J-Lab: The Institute for Interactive Journalism

 

Sign Up for Email Updates


Google

Web
J-Lab.org

Transcript for
2005 Batten Symposium
and Awards for Innovations in Journalism

Sept. 12, 2005
National Press Club, Washington, D.C.

Adrian Holovaty
Lead Developer, Holovaty and Associates

First I’d like to thank J-Lab for supporting great journalism. It really warms the heart to see all these awesome projects.

This is chicagocrime.org. As it says on the top, it’s a freely browsable database of crimes reported in Chicago. What I’m going to do here is show you what it is, how we did it, what makes it different, and what kind of whacky things we have planned for the future.

When you go to chicagocrime.org it’s a database of crimes reported in Chicago, but because there’s so much horrific stuff that happens in Chicago, it’s a gigantic database. When we set out to do this, the reason I did it was because it was an interesting challenge. I really like taking these gigantic pieces of interesting information and making them very digestable by common people.

So the philosophy of this site is that there’s so much information that is so valuable but until this site launched it was really hard to access. The police department makes it available but it’s really ugly and you have to deal with their unusable piece of garbage site.

So I launched this, with Wilson’s help, as an independent project because it was an interesting challenge, because I wanted to do a valuable public service and because I like hacking on stuff.
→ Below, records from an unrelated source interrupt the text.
Section LRCommensurator.
Variables (L : Type) (mul : L -> L -> L) (one : L) (inv : L -> L) (L0 : L -> Prop).
Hypotheses (HG : is_group mul one inv) (HL0 : is_subgroup mul one (fun _ => True) L0).
Hypothesis Hnfi : no_fin_index_sub mul one.
Local Infix "*" := mul.
Local Notation LR := (LRaction mul inv L0).

Variables f f' : L -> L.
Hypotheses (fK : cancel f f') (f'K : cancel f' f).
Hypothesis Hcomm : Comm (@compf L) (@PermS L) LR f.

Let GLR := LRaction_subgroup HG HL0.

Let LR_right_mul x : LR (lr mul one x).
Proof. by apply/(LRaction_lr L0 HG); exists one, x; split=> //; apply: subgroup1 HL0. Qed.

Lemma right_mul_conj x : exists p q, L0 p /\ forall g, f (g * x) = p * f g * q.
Proof.
pose phi x : L -> L := compf f (compf (lr mul one (inv x)) f').
have phiM a b : phi (a * b) = compf (phi a) (phi b).
  by apply: functional_extensionality => g; rewrite /phi /compf /lr fK; gsimpl HG.
have phi1 : phi one = id.
  by apply: functional_extensionality => g; rewrite /phi /compf /lr; gsimpl HG; rewrite f'K.
have Wphi d : conjS (@compf L) f LR (phi d).
  exists (lr mul one (inv d)); split; first exact: LR_right_mul.
  by apply: functional_extensionality => g; rewrite /phi /compf fK.
have /(LRaction_lr L0 HG) [p [q [L0p phiE]]] := Comm_conj_preim GLR fK f'K Hcomm
  (gmulA HG) (gmul1l HG) phiM (group_subgroupT HG) Hnfi phi1 Wphi (inv x).
exists p, q; split=> // g; have := congr1 (fun F => F (f g)) phiE.
by rewrite /phi /compf /lr fK (ginvK HG); gsimpl HG.
Qed.

Lemma LR_right_intertwined k : exists a b, intertwines mul f a b one k.
Proof.
pose phi x := lr mul one (inv x).
have phiM a b : phi (a * b) = compf (phi a) (phi b).
  by rewrite /phi (lr_comp HG) (ginvM HG) (gmul1l HG).
have phi1 : phi one = id by rewrite /phi (ginv1 HG) (lr11 HG).
have [_ [/(LRaction_lr L0 HG) [a [b [_ ->]]] e]] := Comm_preim_conj GLR fK f'K Hcomm
  (gmulA HG) (gmul1l HG) phiM (group_subgroupT HG) Hnfi phi1 (fun d => LR_right_mul _) (inv k).
exists a, b => g; have := congr1 (fun F => F g) e.
by rewrite /phi /compf /lr (ginvK HG) => <-.
Qed.

Lemma LR_left_intertwined :
  fin_index mul (fun c => L0 c /\ exists a b, intertwines mul f a b c one) L0.
Proof.
have lrM a b : lr mul (a * b) one = compf (lr mul a one) (lr mul b one).
  by rewrite (lr_comp HG) (gmul1l HG).
have LRlr d : L0 d -> LR (lr mul d one) by move=> L0d; apply/(LRaction_lr L0 HG); exists d, one.
apply: (fin_index_mono _ (fun c => iff_refl (L0 c))
  (Comm_fin_index GLR fK f'K Hcomm (gmulA HG) (gmul1l HG) lrM HL0 LRlr)).
move=> c [L0c [_ [/(LRaction_lr L0 HG) [a [b [_ ->]]] e]]]; split=> //.
by exists a, b => g; have := congr1 (fun F => F g) e; rewrite /compf /lr => <-; gsimpl HG.
Qed.
End LRCommensurator.

Theorem Comm_LRaction (L : Type) (mul : L -> L -> L) (one : L) (inv : L -> L)
    (L0 : L -> Prop) :
  is_group mul one inv -> no_direct_product mul one inv -> no_fin_index_sub mul one ->
  is_subgroup mul one (fun _ => True) L0 -> (exists g, ~ L0 g) ->
  relative_ICC mul one inv L0 -> forall f : L -> L,
  Comm (@compf _) (@PermS _) (LRaction mul inv L0) f <->
  exists (alpha : L -> L) (g0 : L),
    Comm (@compf _) (AutL mul) (AdS mul inv L0) alpha /\ f = (fun g => mul (alpha g) g0).
Proof.
move=> HG Hndp Hnfi HL0 HL0proper Hicc f; split; last first.
  by case=> alpha [g0 [Hc ->]]; apply/(Comm_LRaction_aut HG Hicc (proj1 Hc) g0).
move=> Hcomm; have [f' fK f'K] := proj1 Hcomm.
have /choice [PQ PQE] : forall x, exists pq : L * L,
    L0 pq.1 /\ forall g, f (mul g x) = mul (mul pq.1 (f g)) pq.2.
  by move=> x; have [p [q [L0p e]]] := right_mul_conj HG HL0 Hnfi fK f'K Hcomm x; exists (p, q).
have [alpha [Halpha fE]] := intertwiner_aut HG HL0 Hicc Hndp HL0proper fK f'K
  (fun g x => proj2 (PQE x) g) (fun x => proj1 (PQE x))
  (LR_right_intertwined HG HL0 Hnfi fK f'K Hcomm)
  (LR_left_intertwined HG HL0 fK f'K Hcomm).
exists alpha, (f one); split=> //.
by apply/(Comm_LRaction_aut HG Hicc Halpha (f one)); rewrite -fE.
Qed.

Lemma In_mem (T : eqType) (a : T) (s : seq T) : List.In a s -> a \in s.
Proof. by elim: s => //= b s IHs [->|/IHs]; rewrite in_cons ?eqxx // => ->; rewrite orbT. Qed.

Lemma zmod_is_group (V : zmodType) : is_group (+%R : V -> V -> V) 0 -%R.
Proof. by split; [apply: addrA | split; [apply: add0r | apply: addNr]]. Qed.

(* Pigeonhole: two of [v *+ 0], ..., [v *+ m] lie in the same coset of [H]. *)
Lemma fin_index_multiple (V : zmodType) (H : V -> Prop) :
  is_subgroup +%R 0 (fun _ => True) H -> fin_index +%R H (fun _ => True) ->
  exists m, forall v, exists2 d, (0 < d <= m)%N & H (v *+ d).
Proof.
move=> GH [s [_ cover]]; exists (size s) => v.
have /choice [r rP] : forall j : nat, exists a, a \in s /\ H (v *+ j - a).
  move=> j; have [a [k [sa [Hk ->]]]] := cover (v *+ j) I.
  by exists a; rewrite addrC addKr; split=> //; apply: In_mem.
pose t := [seq r j | j <- iota 0 (size s).+1].
have tE i : (i < (size s).+1)%N -> nth 0 t i = r i.
  by move=> ilt; rewrite (nth_map 0%N) ?size_iota ?nth_iota.
have t_sub : {subset t <= s} by move=> _ /mapP [j _ ->]; case: (rP j).
have : ~~ uniq t.
  by apply/negP => /uniq_leq_size /(_ t_sub); rewrite size_map size_iota ltnn.
case/(uniqPn 0) => i [j [ij]]; rewrite size_map size_iota => jlt.
rewrite !tE ?(ltn_trans ij) // => rij.
exists (j - i)%N; first by rewrite subn_gt0 ij -ltnS (leq_ltn_trans (leq_subr _ _) jlt).
have := subgroupM GH (proj2 (rP j)) (subgroup_inv (zmod_is_group V) GH (proj2 (rP i))).
by rewrite rij opprB addrA subrK mulrnBr // ltnW.
Qed.

Lemma rat_lmod_no_fin_index_sub (V : lmodType rat) : no_fin_index_sub (+%R : V -> V -> V) 0.
Proof.
move=> H GH fin v; have [m mP] := fin_index_multiple GH fin.
have Hnat k u : H u -> H (u *+ k).
  move=> Hu; elim: k => [|k IHk]; first exact: subgroup1 GH.
  by rewrite mulrSr; apply: subgroupM GH IHk Hu.
have [d /andP [d0 dm] Hd] := mP ((m`!%:R : rat)^-1 *: v).
have -> : v = ((m`!%:R : rat)^-1 *: v) *+ d *+ (m`! %/ d).
  rewrite -mulrnA -scaler_nat mulnC divnK ?dvdn_fact ?d0 //.
  by rewrite scalerA mulfV ?scale1r // pnatr_eq0 -lt0n fact_gt0.
exact: Hnat.
Qed.

Lemma colmx_ext (R : pzRingType) m n (A B : 'M[R]_(m, n)) :
  (forall w : 'cV_n, A *m w = B *m w) -> A = B.
Proof.
move=> e; apply/matrixP => i j.
by have := e (delta_mx j 0); rewrite -!(colE j) => /colP/(_ i); rewrite !mxE.
Qed.

Lemma injective_unitmx (F : fieldType) n (M : 'M[F]_n) :
  (forall w : 'cV_n, M *m w = 0 -> w = 0) -> M \in unitmx.
Proof.
move=> Minj; rewrite -unitmx_tr -row_free_unit; apply: inj_row_free => v.
by move/(congr1 trmx); rewrite trmx_mul trmxK trmx0 => /Minj /(congr1 trmx); rewrite trmxK trmx0.
Qed.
I’ll walk you through the site:

The Chicago Police Department releases all this stuff on its Web site and for every crime it releases a bunch of stuff: When the crime happened, what it was, whether any arrests were made, what type of location it was – whether it was at an ATM, barber shop, bowling alley – that kind of thing.

So instead of giving users a tremendously hard to use search interface and saying, “Tell me exactly what you want, put in your address, put in exactly what you want to see,” we decided to just make it browsable. And not just by one thing, but by every possible way you might want to look at this information. So that’s what you see on the home page.

Let’s browse by crime type. Here’s a list of all the types in the system, and let’s take a look at motor vehicle theft/motorcycles, and click on that. Here are the latest reported motorcycle, scooter and motorbike thefts in the city of Chicago. This is what we refer to as a crime type detail page. Every type of crime has this page. Everything is dynamic, so everything is automated, and it displays the latest 25 or 30 crimes.

Here they’re listed on the left, and over here they’re listed on the map. This uses Google Maps technology to embed the maps in the page, and because it’s Google Maps, I can pan this thing around and zoom in and I can click on a crime to get more information about it.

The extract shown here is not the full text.